# A supervised problem

## Challenge 0:
Recall that the logistic regression model's best performance on the test set was 93%. See what you can do to improve performance. Suggested avenues of investigation include: Other modeling techniques (SVM?), making more features that take advantage of the spaCy information (include grammar, phrases, POS, etc), making sentence-level features (number of words, amount of punctuation), or including contextual information (length of previous and next sentences, words repeated from one sentence to the next, etc), and anything else your heart desires. Make sure to design your models on the test set, or use cross_validation with multiple folds, and see if you can get accuracy above 90%.

## Challenge 1:
Find out whether your new model is good at identifying Alice in Wonderland vs any other work, Persuasion vs any other work, or Austen vs any other work. This will involve pulling a new book from the Project Gutenberg corpus (print(gutenberg.fileids()) for a list) and processing it.

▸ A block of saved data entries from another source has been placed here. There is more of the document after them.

Lemma sum_off_diagonal :
  \sum_(x : {unit R}) \sum_(y : {unit R})
      ((val x)^-1 - (val y)^-1 \in ann M)%:R * (tau x / tau y * psi (val x - val y)) =
  #|R|%:R - #|M|%:R * \sum_(w in one_plus (ann M)) tau w.
Proof.
have A_ideal := ideal_ann M.
have mem_yw (y w : {unit R}) :
    ((val (y * w)%g)^-1 - (val y)^-1 \in ann M) = (w \in one_plus (ann M)).
  have yw_unit : val y * val w \is a GRing.unit.
    by rewrite unitrM; apply/andP; split; apply: valP.
  have Nyw_unit : - (val y * val w) \is a GRing.unit by rewrite unitrN.
  rewrite FinRing.val_unitM -(ideal_unitMl _ A_ideal Nyw_unit) [in RHS]inE.
  by rewrite mulNr mulrBr mulrV // mulrAC mulrV ?(valP y) // mul1r opprB.
rewrite exchange_big /=.
under eq_bigr => y _ do rewrite (reindex_inj (@unit_mulI _ y)) /=.
rewrite exchange_big /=.
transitivity (\sum_(w : {unit R})
    (w \in one_plus (ann M))%:R * tau w * \sum_(y : {unit R}) psi ((val w - 1) * val y)).
  apply: eq_bigr => w _; rewrite mulr_sumr; apply: eq_bigr => y _.
  rewrite mem_yw (tauM tau_char) [tau y * _ / _]mulrC mulKf ?tau_neq0 // mulrA.
  by congr (_ * psi _) => /=; ring.
transitivity (\sum_(w : {unit R})
    ((w == 1%g)%:R * #|R|%:R - #|M|%:R * ((w \in one_plus (ann M))%:R * tau w))).
  apply: eq_bigr => w _; rewrite (sum_psi_units M_max M_unique psi_char psi_prim).
  have -> : (val w - 1 \in ann M) = (w \in one_plus (ann M)) by rewrite [in RHS]inE.
  have [-> | w_neq1] := eqVneq w 1%g.
    by rewrite one_plus1 // (tau1 tau_char) FinRing.val_unit1 subrr eqxx /=; ring.
  have -> : (val w - 1 == 0) = false.
    by rewrite subr_eq0; apply: contraNF w_neq1 => /eqP w1; apply/eqP/val_inj.
  by case: (w \in _) => /=; ring.
rewrite sumrB sum_indicator -mulr_sumr [in RHS]big_mkcond /=.
by congr (_ - _ * _); apply: eq_bigr => w _; case: (w \in _); rewrite ?mul1r ?mul0r.
Qed.

Lemma sum_normK :
  \sum_(a : {unit R}) `|kloosterman psi tau (val a)| ^+ 2 =
  #|R|%:R * #|{: {unit R}}|%:R -
    #|M|%:R * (#|R|%:R - #|M|%:R * \sum_(w in one_plus (ann M)) tau w).
Proof. by rewrite sum_normK_split sum_off_diagonal. Qed.

End Kloosterman.
Lemma diagm_eq_idm A : is_subsp A -> (diagm A == idm V) = (A == setT).
Proof.
move=> sA; apply/eqP/eqP => [A1|->]; last exact: diagmT.
apply/setP => v; rewrite in_setT; have : (v, v) \in val (idm V) by rewrite inE.
by rewrite -A1 diagm_mem // eqxx.
Qed.

End Diagonals.

Section Domain.
Implicit Types U V W : qspace.

Definition dom V W (g : spHom V W) : {set carrier V} :=
  [set v | [exists w, (v, w) \in val g]].

Definition total V W (g : spHom V W) : bool := dom g == setT.

Lemma dom_subsp V W (g : spHom V W) : is_subsp (dom g).
Proof.
rewrite /is_subsp inE; apply/andP; split; first by apply/existsP; exists 0; apply: spmor0.
apply/'forall_in_forall_inP => x + y; rewrite !inE => /existsP[w xw] /existsP[w' yw'].
by apply/existsP; exists (w + w'); apply: (spmorD xw yw').
Qed.

Lemma comp_diagm_dom V W (g : spHom V W) : comp g (diagm (dom g)) = g.
Proof.
apply: spmorP => -[u w]; rewrite compE; apply/existsP/idP => [[v]|uw].
  by rewrite diagm_mem ?dom_subsp // => /andP[/andP[/eqP -> _]].
by exists u; rewrite diagm_mem ?dom_subsp // eqxx uw inE andbT; apply/existsP; exists w.
Qed.

Lemma dom_diagm V (A : {set carrier V}) : is_subsp A -> dom (diagm A) = A.
Proof.
move=> sA; apply/setP => v; rewrite inE; apply/existsP/idP => [[w]|vA].
  by rewrite diagm_mem // => /andP[].
by exists v; rewrite diagm_mem // eqxx.
Qed.

Lemma total_idm V : total (idm V).
Proof. by rewrite /total -diagmT dom_diagm ?subspT. Qed.

Lemma total_compr U V W (g : spHom V W) (f : spHom U V) : total (comp g f) -> total f.
Proof.
rewrite /total !eqEsubset !subsetT /= => /subset_trans; apply.
apply/subsetP => u; rewrite !inE => /existsP[w]; rewrite compE => /existsP[v /andP[uv _]].
by apply/existsP; exists v.
Qed.

(* The legs are injective, so [(u, u)] in [tr g o b] forces [b] and [g] to agree at [u]. *)
Lemma trcomp_eq_idm V W (g b : spHom V W) :
  (comp (tr g) b == idm V) = (g == b) && total b.
Proof.
apply/eqP/andP => [gb1|[/eqP <- /eqP gT]].
  have common u : exists w, ((u, w) \in val b) && ((u, w) \in val g).
    have : (u, u) \in val (idm V) by rewrite inE.
    by rewrite -gb1 compE => /existsP[w]; rewrite trE; exists w.
  split.
    apply/eqP/spmorP => -[u w]; have [w' /andP[bw' gw']] := common u.
    apply/idP/idP => uw.
      by have := spmor_inj uw gw'; rewrite /= eqxx => /esym/eqP ->.
    by have := spmor_inj uw bw'; rewrite /= eqxx => /esym/eqP ->.
  apply/eqP/setP => u; rewrite !inE; have [w /andP[uw _]] := common u.
  by apply/existsP; exists w.
apply: spmorP => -[u u']; rewrite compE inE /=; apply/existsP/idP => [[w]|/eqP <-].
  by rewrite trE => /andP[uw u'w]; rewrite (spmor_inj uw u'w) eqxx.
have : u \in dom g by rewrite gT inE.
by rewrite inE => /existsP[w uw]; exists w; rewrite trE uw.
Qed.

End Domain.

(* A sealed [delta]: when unification compares two unfolded [delta g h] it falls
   back on evaluating them, which enumerates the finite type of spans. *)
Lemma basis_subproof : {b : forall V W, spHom V W -> Alg V W | b = @delta}.
Proof. by exists (@delta). Qed.

Definition basis : forall V W, spHom V W -> Alg V W := sval basis_subproof.
Arguments basis {V W} g.

Lemma basisE : @basis = @delta.
Proof. exact: (svalP basis_subproof). Qed.

Section MonoidAlgebra.
Implicit Types U V W X : qspace.

Lemma basis_app V W (g h : spHom V W) : basis g h = (h == g)%:R.
Proof. by rewrite basisE ffunE. Qed.

Lemma conv_app U V W (x : Alg V W) (e : Alg U V) h :
  conv x e h = \sum_g \sum_(f | comp g f == h) x g * e f.
Proof. by rewrite ffunE. Qed.

Lemma algDE V W (x y : Alg V W) h : (x + y) h = x h + y h.
Proof. by rewrite ffunE. Qed.

Lemma alg0E V W h : (0 : Alg V W) h = 0.
Proof. by rewrite ffunE. Qed.

Lemma F2_neq0 (c : 'F_2) : c != 0 -> c = 1.
Proof. by case: c => -[|[|]] //= ? _; apply/val_inj. Qed.

Lemma alg_addrr V W (x : Alg V W) : x + x = 0.
Proof. by apply/ffunP => h; rewrite algDE alg0E; apply/addrr_pchar2/pchar_Fp. Qed.

Lemma alg_sum_basis V W (x : Alg V W) : x = \sum_(g | x g != 0) basis g.
Proof.
apply/ffunP => h; rewrite sum_ffunE.
have [xh0|xh] := eqVneq (x h) 0.
  rewrite xh0 big1 // => g xg; rewrite basis_app.
  by have [hg|//] := eqVneq h g; rewrite -hg xh0 eqxx in xg.
rewrite (bigD1 h) //= big1 => [|g /andP[_ gh]]; last by rewrite basis_app eq_sym (negbTE gh).
by rewrite basis_app eqxx addr0 (F2_neq0 xh).
Qed.
Section NoiseBound.
Variables (d : measure_display) (Omega : measurableType d) (P : probability Omega R).
Variables (n m : nat) (H : Omega -> 'M[R]_(n, m)) (v : Omega -> 'cV[R]_n) (rho : R).
Hypothesis rho_gt0 : 0 < rho.
Hypothesis v_gauss : gauss_noise_indep P H v rho.

Lemma noise_abs_gt_le (s : R) (i : 'I_n) : 0 <= s ->
  (P [set w | (s < `|v w i 0|)%R] <= (2 * expR (- (rho * s ^+ 2) / 4))%:E)%E.
Proof.
move=> s0; pose B k : set R := if k == i then [set x | s < `|x|] else setT.
have mB k : measurable (B k).
  by rewrite /B; case: eqP => _; [exact: measurable_abs_gt | exact: measurableT].
have := @v_gauss (fun _ _ => [set: R]) B (fun _ _ => measurableT) mB.
have -> : [set w | (forall k l, [set: R] (H w k l)) /\ (forall k, B k (v w k 0))] =
          [set w | s < `|v w i 0|].
  apply/seteqP; split => w /=; first by move=> [_ /(_ i)]; rewrite /B eqxx.
  by move=> vi; split => // k; rewrite /B; case: eqP => [->|].
have -> : [set w | forall k l, [set: R] (H w k l)] = setT by apply/seteqP; split.
rewrite probability_setT mul1e (bigD1 i) //= {1}/B eqxx big1 ?mule1 => [->|k /negbTE ki].
  have sig0 : 0 < Num.sqrt rho^-1 by rewrite sqrtr_gt0 invr_gt0.
  have -> : - (rho * s ^+ 2) / 4 = - s ^+ 2 / (4 * Num.sqrt rho^-1 ^+ 2).
    by rewrite sqr_sqrtr ?invr_ge0 ?ltW //; field; rewrite gt_eqF.
  exact: normal_prob_abs_gt_le.
by rewrite /B ki probability_setT.
Qed.

Variable sel : 'M[R]_(m + 1) -> 'M[R]_(m + 1).
Hypothesis sel_opt : optimal_selection sel.
Hypothesis v_measurable : forall i, measurable_fun setT (fun w => v w i 0).

Lemma prob_sdr_error_le (r : R) : 0 < r ->
  measurable [set w | tau (H w) <= r^-1] ->
  measurable [set w | s_SDR sel (H w) (H w *m ones m + v w) != ones m] ->
  (P [set w | s_SDR sel (H w) (H w *m ones m + v w) != ones m] <=
   P [set w | (tau (H w) <= r^-1)%R] +
   (n%:R * (2 * expR (- (rho / r) / (8 * n.+1%:R))))%:E)%E.
Proof.
(* Using [n.+1] rather than [n] keeps the rate [(8 n.+1)^-1] positive for [n = 0]. *)
move=> r_gt0 mT mE; set c := r^-1 / (2 * n.+1%:R); set s := Num.sqrt c.
have c_ge0 : 0 <= c by rewrite divr_ge0 ?invr_ge0 ?ltW.
have nc : n%:R * c <= r^-1 / 2.
  have -> : n%:R * c = r^-1 / 2 * (n%:R / n.+1%:R).
    by rewrite /c; field; rewrite nat1r pnatr_eq0 (gt_eqF r_gt0).
  apply: ler_piMr; first by rewrite divr_ge0 // invr_ge0 ltW.
  by rewrite ler_pdivrMr // mul1r ler_nat.
pose F i := [set w | s < `|v w i 0|].
have mF i : measurable (F i).
  by have := v_measurable i measurableT (measurable_abs_gt s); rewrite setTI.
have sub : [set w | s_SDR sel (H w) (H w *m ones m + v w) != ones m] `<=`
           [set w | tau (H w) <= r^-1] `|` \big[setU/set0]_(i < n) F i.
  move=> w /= err; case: (leP (tau (H w)) r^-1) => [|tau_gt]; [by left | right].
  rewrite -bigcup_seq; apply: contrapT => small.
  suff : tau (H w) <= 2 * (n%:R * c) by lra.
  apply: tau_le_small_noise sel_opt err _ => i.
  rewrite -(sqr_sqrtr c_ge0) -real_normK ?num_real // lerXn2r ?nnegrE // leNgt.
  by apply/negP => vi; apply: small; exists i; rewrite //= mem_index_enum.
apply: le_trans (le_measure _ _ _ sub) _; rewrite ?inE //.
  by apply: measurableU => //; exact: bigsetU_measurable.
apply: le_trans (measureU2 _ _ _) _ => //; first exact: bigsetU_measurable.
rewrite leeD2l // (le_trans (le_measure_bigsetU _ _ mF)) //.
have -> : - (rho / r) / (8 * n.+1%:R) = - (rho * s ^+ 2) / 4.
  by rewrite sqr_sqrtr // /c; field; rewrite nat1r pnatr_eq0 (gt_eqF r_gt0).
set K := 2 * expR _.
have -> : (n%:R * K)%:E = (\sum_(i < n) K%:E)%E.
  by rewrite sumEFin sumr_const card_ord mulr_natl.
apply: lee_sum => i _.
exact: noise_abs_gt_le (sqrtr_ge0 c).
Qed.

End NoiseBound.

End GaussianNoise.

Section LimfEsup.
Variables (R : realType) (T : choiceType) (X : filteredType T) (F : set_system X).

Lemma limf_esup_le (h : X -> \bar R) (c : \bar R) :
  (\forall x \near F, (h x <= c)%E) -> (limf_esup h F <= c)%E.
Proof.
move=> h_le; apply: le_trans (ereal_inf_lbound _) _; first by exists [set x | (h x <= c)%E].
by apply: ge_ereal_sup => _ [x hx <-].
Qed.

Lemma limf_esup_lt (h : X -> \bar R) (c : \bar R) : Filter F ->
  (limf_esup h F < c)%E -> \forall x \near F, (h x < c)%E.
Proof.
move=> F_filter /ereal_inf_lt [_ [V FV <-] supV]; apply: filterS FV => x Vx.
by apply: le_lt_trans supV; apply: ereal_sup_ubound; exists x.
Qed.

End LimfEsup.

Section DotLe.
Variable R : realType.
Implicit Types (f g : R -> \bar R) (d : R).

Lemma eln_ratio_leE (p : \bar R) (rho e : R) : 1 < rho ->
  (eln p * (ln rho)^-1%:E <= e%:E)%E = (p <= (rho `^ e)%:E)%E.
Proof.
move=> rho_gt1; have L_gt0 : 0 < ln rho by rewrite ln_gt0.
have rho_gt0 : 0 < rho by lra.
rewrite /powR gt_eqF //.
case: p => [r| |] /=; rewrite ?lee_fin.
- case: ifPn => r_gt0; last first.
    rewrite gt0_mulNye ?lte_fin ?invr_gt0 // leNye; apply/esym.
    by apply: le_trans (expR_ge0 _); rewrite leNgt.
  rewrite -EFinM lee_fin ler_pdivrMr // -ler_expR lnK //.
- by rewrite gt0_mulye ?lte_fin ?invr_gt0 // leye_eq.
- by rewrite gt0_mulNye ?lte_fin ?invr_gt0 // !leNye.
Qed.

Lemma powR_pinfty_ge (a M : R) : 0 < a -> \forall rho \near +oo, M <= rho `^ a.
Proof.
move=> a_gt0; near=> rho.
have M0 : 0 <= `|M| := normr_ge0 M.
have B0 : 0 <= `|M| `^ a^-1 := powR_ge0 _ _.
have rhoB : `|M| `^ a^-1 <= rho by near: rho; exact: nbhs_pinfty_ge (num_real _).
rewrite (le_trans (ler_norm M)) // -[leLHS](powRr1 M0) -(mulVf (lt0r_neq0 a_gt0)) powRrM.
by apply: (ge0_ler_powR (ltW a_gt0)); rewrite ?nnegrE //; lra.
Unshelve. all: by end_near.
Qed.

Lemma dot_leP f d :
  dot_le f d <-> forall e, 0 < e -> \forall rho \near +oo, (f rho <= (rho `^ (e - d))%:E)%E.
Proof.
split=> [f_dot e e_gt0 | f_le].
  have : (limf_esup (fun rho => eln (f rho) * (ln rho)^-1%:E) (pinfty_nbhs R) < (e - d)%:E)%E.
    by apply: le_lt_trans f_dot _; rewrite lte_fin; lra.
  move=> /limf_esup_lt lt_ev; near=> rho.
  rewrite -eln_ratio_leE; last by near: rho; exact: nbhs_pinfty_gt (num_real _).
  by apply: ltW; near: rho; exact: lt_ev.
apply/lee_addgt0Pr => e e_gt0; apply: limf_esup_le; near=> rho.
rewrite -EFinD addrC eln_ratio_leE; last by near: rho; exact: nbhs_pinfty_gt (num_real _).
by near: rho; exact: f_le.
Unshelve. all: by end_near.
Qed.

Lemma dot_le_le f g d :
  (\forall rho \near +oo, (f rho <= g rho)%E) -> dot_le g d -> dot_le f d.
Proof.
move=> fg /dot_leP g_le; apply/dot_leP => e e_gt0; near=> rho.
by apply: le_trans (_ : g rho <= _)%E; near: rho; [exact: fg | exact: g_le].
Unshelve. all: by end_near.
Qed.

Lemma dot_leD f g d : dot_le f d -> dot_le g d -> dot_le (fun rho => f rho + g rho)%E d.
Proof.
move=> /dot_leP f_le /dot_leP g_le; apply/dot_leP => e e_gt0.
have e2_gt0 : 0 < e / 2 by rewrite divr_gt0.
near=> rho.
have rho_gt0 : 0 < rho by near: rho; exact: nbhs_pinfty_gt (num_real _).
have two_le : 2 <= rho `^ (e / 2) by near: rho; exact: powR_pinfty_ge.
have -> : e - d = e / 2 + (e / 2 - d) by field.
rewrite powRD ?(gt_eqF rho_gt0) ?implybT //.
apply: le_trans (leeD (_ : f rho <= (rho `^ (e / 2 - d))%:E)
                      (_ : g rho <= (rho `^ (e / 2 - d))%:E))%E _.
- by near: rho; exact: f_le.
- by near: rho; exact: g_le.
rewrite -EFinD lee_fin; have := powR_ge0 rho (e / 2 - d); nra.
Unshelve. all: by end_near.
Qed.

Lemma dot_le_comp_powR f d (a : R) :
  0 < a -> dot_le f d -> dot_le (fun rho => f (rho `^ a)) (a * d).
Proof.
move=> a_gt0 /dot_leP f_le; apply/dot_leP => e e_gt0.
have [M [_ M_le]] := f_le (e / a) (divr_gt0 e_gt0 a_gt0).
near=> rho.
have -> : e - a * d = a * (e / a - d) by field; exact: lt0r_neq0.
rewrite powRrM; apply: M_le.
suff : M + 1 <= rho `^ a by lra.
by near: rho; exact: powR_pinfty_ge.
Unshelve. all: by end_near.
Qed.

## Getting the data into shape

In [2]:
%matplotlib inline
import numpy as np
import pandas as pd
import scipy
import sklearn
import spacy
import matplotlib.pyplot as plt
import seaborn as sns
import re
from nltk.corpus import gutenberg, stopwords
from collections import Counter

In [58]:
# Utility function for standard text cleaning.
def text_cleaner(text):
    # Visual inspection identifies a form of punctuation spaCy does not
    # recognize: the double dash '--'.  Better get rid of it now!
    text = re.sub(r'--',' ',text)
    text = re.sub("[\[].*?[\]]", "", text)
    text = ' '.join(text.split())
    return text
    
# Load and clean the data.
persuasion = gutenberg.raw('austen-persuasion.txt')
alice = gutenberg.raw('carroll-alice.txt')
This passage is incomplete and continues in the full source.